Where does the string "Lemma" occur in the records below? Copy every line that holds it.

[Records from a data collection]
* * * *
(* Let $\omega\colon\mathbf Z_+\to(0,+\infty)$ be a weight which is bounded from below. Then $\mathrm{span}[h_m(\mu,\cdot);\ m\ge0,\ \mu\in\mathbf D]$ is dense in $\mathcal X_\omega$. In particular, for $\omega=\omega_0$ with $\omega_0(n)=(n+1)/\pi$, the set $\{h_m(\mu,\cdot);\ m\ge0,\ \mu\in\mathbf D\}$ spans a dense subspace of $\mathcal X_{\omega_0}$.
   Context: $\mathbf D$ is the open unit disk. $\mathcal X_\omega$ is the Hilbert space of holomorphic functions $f(z)=\sum_{n\ge3}c_nz^n$ on $\mathbf D$ with $\|f\|_\omega^2=\sum_{n\ge3}|c_n|^2/\omega(n)<\infty$ (the quotient of the weighted Bergman space $\mathcal B^2_\omega$ by $\mathrm{span}[1,z,z^2]$). For $\mu\in\mathbf C$ and $m\ge1$, $h_m(\mu,z)=\sum_{n\ge0}\mu^n(z^{(6m+4)2^n}-z^{(2m+1)2^n})$, and $h_0(\mu,z)=\sum_{n\ge0}\mu^nz^{2^{n+2}}$; when $\omega$ is bounded from below these belong to $\mathcal X_\omega$ for $\mu\in\mathbf D$. *)

From HB Require Import structures.
From mathcomp Require Import all_boot all_order all_algebra.
From mathcomp Require Import all_classical all_reals all_analysis.
From mathcomp Require Import complex.
Set Implicit Arguments. Unset Strict Implicit. Unset Printing Implicit Defensive.
Import Order.TTheory GRing.Theory Num.Theory.
Import numFieldNormedType.Exports.
Local Open Scope ring_scope.
Local Open Scope complex_scope.
Notation normc := ComplexField.Normc.normc.

(* Holomorphic functions on D are represented by their Taylor coefficient
   sequences c : nat -> R[i]  (f(z) = sum_n c n z^n). *)

(* Coefficient at index k of the lacunary series  sum_{n>=0} mu^n z^(a 2^n)  (a >= 1). *)
Definition lac_coef (R : rcfType) (a : nat) (mu : R[i]) (k : nat) : R[i] :=
  \sum_(n < k.+1 | (a * 2 ^ n)%N == k) mu ^+ n.

(* Taylor coefficients of h_m(mu, .) :
   h_0(mu,z) = sum_n mu^n z^(2^(n+2)),
   h_m(mu,z) = sum_n mu^n (z^((6m+4)2^n) - z^((2m+1)2^n))  for m >= 1. *)
Definition h_coef (R : rcfType) (m : nat) (mu : R[i]) (k : nat) : R[i] :=
  if m is 0 then lac_coef 4 mu k
  else lac_coef (6 * m + 4) mu k - lac_coef (2 * m + 1) mu k.

Definition wnorm2 (R : realType) (omega : nat -> R) (c : nat -> R[i]) : \bar R :=
  (\sum_(0 <= n <oo) ((normc (c n) ^+ 2 / omega n)%:E))%E.

(* f belongs to X_omega: f is holomorphic on the unit disk (its Taylor series
   converges absolutely on D), c_0 = c_1 = c_2 = 0, and ||f||_omega < oo. *)
Definition in_X (R : realType) (omega : nat -> R) (c : nat -> R[i]) : Prop :=
  [/\ (forall r : R, 0 <= r < 1 -> cvgn (series (fun n => (normc (c n) * r ^+ n : R)))),
      (forall n, (n < 3)%N -> c n = 0)
    & (wnorm2 omega c < +oo)%E].

Definition in_span_h (R : realType) (g : nat -> R[i]) : Prop :=
  exists (N : nat) (a : 'I_N -> R[i]) (m : 'I_N -> nat) (mu : 'I_N -> R[i]),
    (forall i, normc (mu i) < 1) /\
    forall k, g k = \sum_(i < N) a i * h_coef (m i) (mu i) k.

Definition span_h_dense (R : realType) (omega : nat -> R) : Prop :=
  forall f : nat -> R[i], in_X omega f ->
  forall eps : R, 0 < eps ->
  exists g : nat -> R[i], in_span_h g /\ (wnorm2 omega (fun k => (f k - g k)%R) < eps%:E)%E.

Definition weight_bdd_below (R : realType) (omega : nat -> R) : Prop :=
  (forall n, 0 < omega n) /\ exists delta : R, 0 < delta /\ forall n, delta <= omega n.

From Pilot Require Import Defs.
From HB Require Import structures.
From mathcomp Require Import all_boot all_order all_algebra.
From mathcomp Require Import all_classical all_reals all_analysis.
From mathcomp Require Import complex.
From mathcomp Require Import ring lra.
Import Order.TTheory GRing.Theory Num.Theory.
Import numFieldNormedType.Exports.
Local Open Scope ring_scope.
Local Open Scope complex_scope.

(* Let A be the closure of span[h_m(mu, .)] in X_omega, and e_k the k-th unit
   sequence.  For real mu = t -> 0, h_0(t, .) = sum_j t^j e_(4 2^j) and
   h_m(t, .) = sum_j t^j (e_((6m+4) 2^j) - e_((2m+1) 2^j)); since omega >= delta,
   the lacunary remainders after order n are O(t^(n+1)) in norm, so every Taylor
   coefficient lies in A.  These coefficients say e_k - e_(hnext k) is in A for
   all k >= 3, where hnext k = 3k + 2^(v_2 k), hence e_k - e_(hnext^j k) is in A
   for all j.  Averaging over j < L puts e_k at squared distance at most
   1/(delta L) from A (the hnext^j k are distinct, so their unit vectors are
   orthogonal), hence e_k is in A.
   Finally each f in X_omega is the limit of its Taylor truncations, which only
   involve e_k with k >= 3. *)

Section SpanH.
Variable R : realType.
Local Notation C := R[i].

Lemma span_h0 : in_span_h (0 : nat -> C).
Proof.
exists 0%N, (fun=> 0), (fun=> 0%N), (fun=> 0); split=> [[]//|k].
by rewrite big_ord0.
Qed.

Lemma span_h_gen (m : nat) (mu : C) : normc mu < 1 -> in_span_h (h_coef m mu).
Proof.
move=> mu_lt1; exists 1%N, (fun=> 1), (fun=> m), (fun=> mu); split=> // k.
by rewrite big_ord1 mul1r.
Qed.

Lemma span_hD (g h : nat -> C) : in_span_h g -> in_span_h h -> in_span_h (g + h).
Proof.
move=> [N [a [m [mu [mu_lt1 gE]]]]] [M [b [m' [mu' [mu'_lt1 hE]]]]].
pose pick T (u : 'I_N -> T) (v : 'I_M -> T) i :=
  match fintype.split i with inl j => u j | inr j => v j end.
exists (N + M)%N, (pick _ a b), (pick _ m m'), (pick _ mu mu'); split.
  by move=> i; rewrite /pick; case: (fintype.split i).
move=> k; rewrite addrfctE gE hE big_split_ord /pick.
congr (_ + _); apply: eq_bigr => i _.
  by rewrite (unsplitK (inl i : 'I_N + 'I_M)).
by rewrite (unsplitK (inr i : 'I_N + 'I_M)).
Qed.

Lemma span_hZ (c : C) (g : nat -> C) : in_span_h g -> in_span_h (cst c * g).
Proof.
move=> [N [a [m [mu [mu_lt1 gE]]]]].
exists N, (fun i => c * a i), m, mu; split=> // k.
by rewrite mulrfctE gE mulr_sumr; apply: eq_bigr => i _; rewrite mulrA.
Qed.

End SpanH.

Definition unit_seq {T : pzSemiRingType} (k : nat) : nat -> T :=
  fun n => (n == k)%:R.

Lemma unit_seqC {T : pzSemiRingType} (m n : nat) : unit_seq m n = unit_seq n m :> T.
Proof. by rewrite /unit_seq eq_sym. Qed.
* * * *
■ **ANSWER TO THE PROBLEM**:
Lemma span_h0 : in_span_h (0 : nat -> C).
Lemma span_h_gen (m : nat) (mu : C) : normc mu < 1 -> in_span_h (h_coef m mu).
Lemma span_hD (g h : nat -> C) : in_span_h g -> in_span_h h -> in_span_h (g + h).
Lemma span_hZ (c : C) (g : nat -> C) : in_span_h g -> in_span_h (cst c * g).
Lemma unit_seqC {T : pzSemiRingType} (m n : nat) : unit_seq m n = unit_seq n m :> T.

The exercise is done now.